*** Opening of Excerpted data ***

Lemma elim_success_2_after_1 n : 1 - (1/2) ^ n <= elim_success 2 n (false, true, false).
Proof.
  induction n; simpl; [lra|].
  rewrite elim_success_2_after_01. unfold outcome_prob; simpl. lra.
Qed.

Lemma elim_success_2 n : 1 - 2 * (1/2) ^ n <= elim_success 2 n (false, false, false).
Proof.
  destruct n; simpl; [lra|].
  pose proof (elim_success_2_after_0 n); pose proof (elim_success_2_after_1 n).
  unfold outcome_prob; simpl. lra.
Qed.

Definition elim_measurement (N : nat) : nat -> Mat :=
  elim_protocol N N (fun _ => Mid) (false, false, false).

Lemma elim_measurement_locc3 N : locc3 N (elim_measurement N).
Proof. apply elim_protocol_locc; auto. Qed.

Lemma elim_measurement_povm3 N : povm3 N (elim_measurement N).
Proof.
  split.
  - intros i _. apply elim_protocol_psd. intros; lia.
  - intros a b Ha Hb. change (Mtotal (elim_measurement N) a b = Mid a b).
    rewrite (locc_tree_Mtotal _ _ _ (elim_measurement_locc3 N) a b Ha Hb).
    apply kron_Mid; auto.
Qed.

Lemma elim_measurement_success N : 1 - (1/2) ^ N <= success N (elim_measurement N).
Proof.
  assert (H : forall i, (i < 3)%nat ->
    Re (qform (2 ^ N) (elim_measurement N i) (psi N i)) = elim_success i N (false, false, false)).
  { intros i Hi. unfold elim_measurement. rewrite elim_protocol_qform by auto.
    rewrite Cprod_C1 by (intros; apply qform_Mid_Upow_ket0; auto).
    unfold RtoC, Cmul, C1, Re; simpl; ring. }
  unfold success. rewrite !H, elim_success_0 by lia.
  pose proof (elim_success_1 N false). pose proof (elim_success_2 N). lra.
Qed.

Lemma Un_cv_squeeze_1 (u : nat -> R) :
  (forall N, (1 <= N)%nat -> 1 - (1/2) ^ N <= u N <= 1) -> Un_cv u 1.
Proof.
  intros Hu eps Heps.
  destruct (pow_lt_1_zero (1/2) ltac:(rewrite Rabs_pos_eq; lra) eps Heps) as [M HM].
  exists (max M 1). intros n Hn. unfold R_dist.
  specialize (HM n ltac:(lia)). specialize (Hu n ltac:(lia)).
  rewrite Rabs_pos_eq in HM by (apply pow_le; lra).
  apply Rabs_def1; lra.
Qed.

Lemma Un_cv_1_of_is_lub (S : nat -> R -> Prop) (p : nat -> R) :
  (forall N, (1 <= N)%nat -> is_lub (S N) (p N)) ->
  (forall N x, S N x -> x <= 1) ->
  (forall N, exists x, S N x /\ 1 - (1/2) ^ N <= x) ->
  Un_cv p 1.
Proof.
  intros Hlub Hle1 Hwitness. apply Un_cv_squeeze_1. intros N HN.
  destruct (Hlub N HN) as [Hub Hleast], (Hwitness N) as [x [Hx Hbound]]. split.
  - apply Rle_trans with x; auto.
  - apply Hleast. intros y Hy. apply (Hle1 N y Hy).
Qed.

Theorem mainTheorem14 (Popt Plocc : nat -> R) :
  (forall N : nat, (1 <= N)%nat -> is_lub (opt_values N) (Popt N)) ->
  (forall N : nat, (1 <= N)%nat -> is_lub (locc_values N) (Plocc N)) ->
  Un_cv Plocc 1 /\ Un_cv Popt 1 /\ Un_cv (fun N => Popt N - Plocc N) 0.
Proof.
  intros Hopt Hlocc.
  assert (Hcv_opt : Un_cv Popt 1).
  { apply (Un_cv_1_of_is_lub opt_values); auto.
    - intros N x [P [HP ->]]. apply povm3_success_le_1; auto.
    - intros N. exists (success N (elim_measurement N)).
      split; [exists (elim_measurement N); auto using elim_measurement_povm3|].
      apply elim_measurement_success. }
  assert (Hcv_locc : Un_cv Plocc 1).
  { apply (Un_cv_1_of_is_lub locc_values); auto.
    - intros N x [P [HP ->]]. apply locc3_success_le_1; auto.
    - intros N. exists (success N (elim_measurement N)).
      split; [exists (elim_measurement N); auto using elim_measurement_locc3|].
      apply elim_measurement_success. }
  split; [|split]; auto.
  replace 0 with (1 - 1) by ring. apply CV_minus; auto.
Qed.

*** Close of Excerpted data ***

### Task instructions
Set down the entire listing once more, keeping every line exactly as it reads.

### Output
Lemma elim_success_2_after_1 n : 1 - (1/2) ^ n <= elim_success 2 n (false, true, false).
Proof.
  induction n; simpl; [lra|].
  rewrite elim_success_2_after_01. unfold outcome_prob; simpl. lra.
Qed.

Lemma elim_success_2 n : 1 - 2 * (1/2) ^ n <= elim_success 2 n (false, false, false).
Proof.
  destruct n; simpl; [lra|].
  pose proof (elim_success_2_after_0 n); pose proof (elim_success_2_after_1 n).
  unfold outcome_prob; simpl. lra.
Qed.

Definition elim_measurement (N : nat) : nat -> Mat :=
  elim_protocol N N (fun _ => Mid) (false, false, false).

Lemma elim_measurement_locc3 N : locc3 N (elim_measurement N).
Proof. apply elim_protocol_locc; auto. Qed.

Lemma elim_measurement_povm3 N : povm3 N (elim_measurement N).
Proof.
  split.
  - intros i _. apply elim_protocol_psd. intros; lia.
  - intros a b Ha Hb. change (Mtotal (elim_measurement N) a b = Mid a b).
    rewrite (locc_tree_Mtotal _ _ _ (elim_measurement_locc3 N) a b Ha Hb).
    apply kron_Mid; auto.
Qed.

Lemma elim_measurement_success N : 1 - (1/2) ^ N <= success N (elim_measurement N).
Proof.
  assert (H : forall i, (i < 3)%nat ->
    Re (qform (2 ^ N) (elim_measurement N i) (psi N i)) = elim_success i N (false, false, false)).
  { intros i Hi. unfold elim_measurement. rewrite elim_protocol_qform by auto.
    rewrite Cprod_C1 by (intros; apply qform_Mid_Upow_ket0; auto).
    unfold RtoC, Cmul, C1, Re; simpl; ring. }
  unfold success. rewrite !H, elim_success_0 by lia.
  pose proof (elim_success_1 N false). pose proof (elim_success_2 N). lra.
Qed.

Lemma Un_cv_squeeze_1 (u : nat -> R) :
  (forall N, (1 <= N)%nat -> 1 - (1/2) ^ N <= u N <= 1) -> Un_cv u 1.
Proof.
  intros Hu eps Heps.
  destruct (pow_lt_1_zero (1/2) ltac:(rewrite Rabs_pos_eq; lra) eps Heps) as [M HM].
  exists (max M 1). intros n Hn. unfold R_dist.
  specialize (HM n ltac:(lia)). specialize (Hu n ltac:(lia)).
  rewrite Rabs_pos_eq in HM by (apply pow_le; lra).
  apply Rabs_def1; lra.
Qed.

Lemma Un_cv_1_of_is_lub (S : nat -> R -> Prop) (p : nat -> R) :
  (forall N, (1 <= N)%nat -> is_lub (S N) (p N)) ->
  (forall N x, S N x -> x <= 1) ->
  (forall N, exists x, S N x /\ 1 - (1/2) ^ N <= x) ->
  Un_cv p 1.
Proof.
  intros Hlub Hle1 Hwitness. apply Un_cv_squeeze_1. intros N HN.
  destruct (Hlub N HN) as [Hub Hleast], (Hwitness N) as [x [Hx Hbound]]. split.
  - apply Rle_trans with x; auto.
  - apply Hleast. intros y Hy. apply (Hle1 N y Hy).
Qed.

Theorem mainTheorem14 (Popt Plocc : nat -> R) :
  (forall N : nat, (1 <= N)%nat -> is_lub (opt_values N) (Popt N)) ->
  (forall N : nat, (1 <= N)%nat -> is_lub (locc_values N) (Plocc N)) ->
  Un_cv Plocc 1 /\ Un_cv Popt 1 /\ Un_cv (fun N => Popt N - Plocc N) 0.
Proof.
  intros Hopt Hlocc.
  assert (Hcv_opt : Un_cv Popt 1).
  { apply (Un_cv_1_of_is_lub opt_values); auto.
    - intros N x [P [HP ->]]. apply povm3_success_le_1; auto.
    - intros N. exists (success N (elim_measurement N)).
      split; [exists (elim_measurement N); auto using elim_measurement_povm3|].
      apply elim_measurement_success. }
  assert (Hcv_locc : Un_cv Plocc 1).
  { apply (Un_cv_1_of_is_lub locc_values); auto.
    - intros N x [P [HP ->]]. apply locc3_success_le_1; auto.
    - intros N. exists (success N (elim_measurement N)).
      split; [exists (elim_measurement N); auto using elim_measurement_locc3|].
      apply elim_measurement_success. }
  split; [|split]; auto.
  replace 0 with (1 - 1) by ring. apply CV_minus; auto.
Qed.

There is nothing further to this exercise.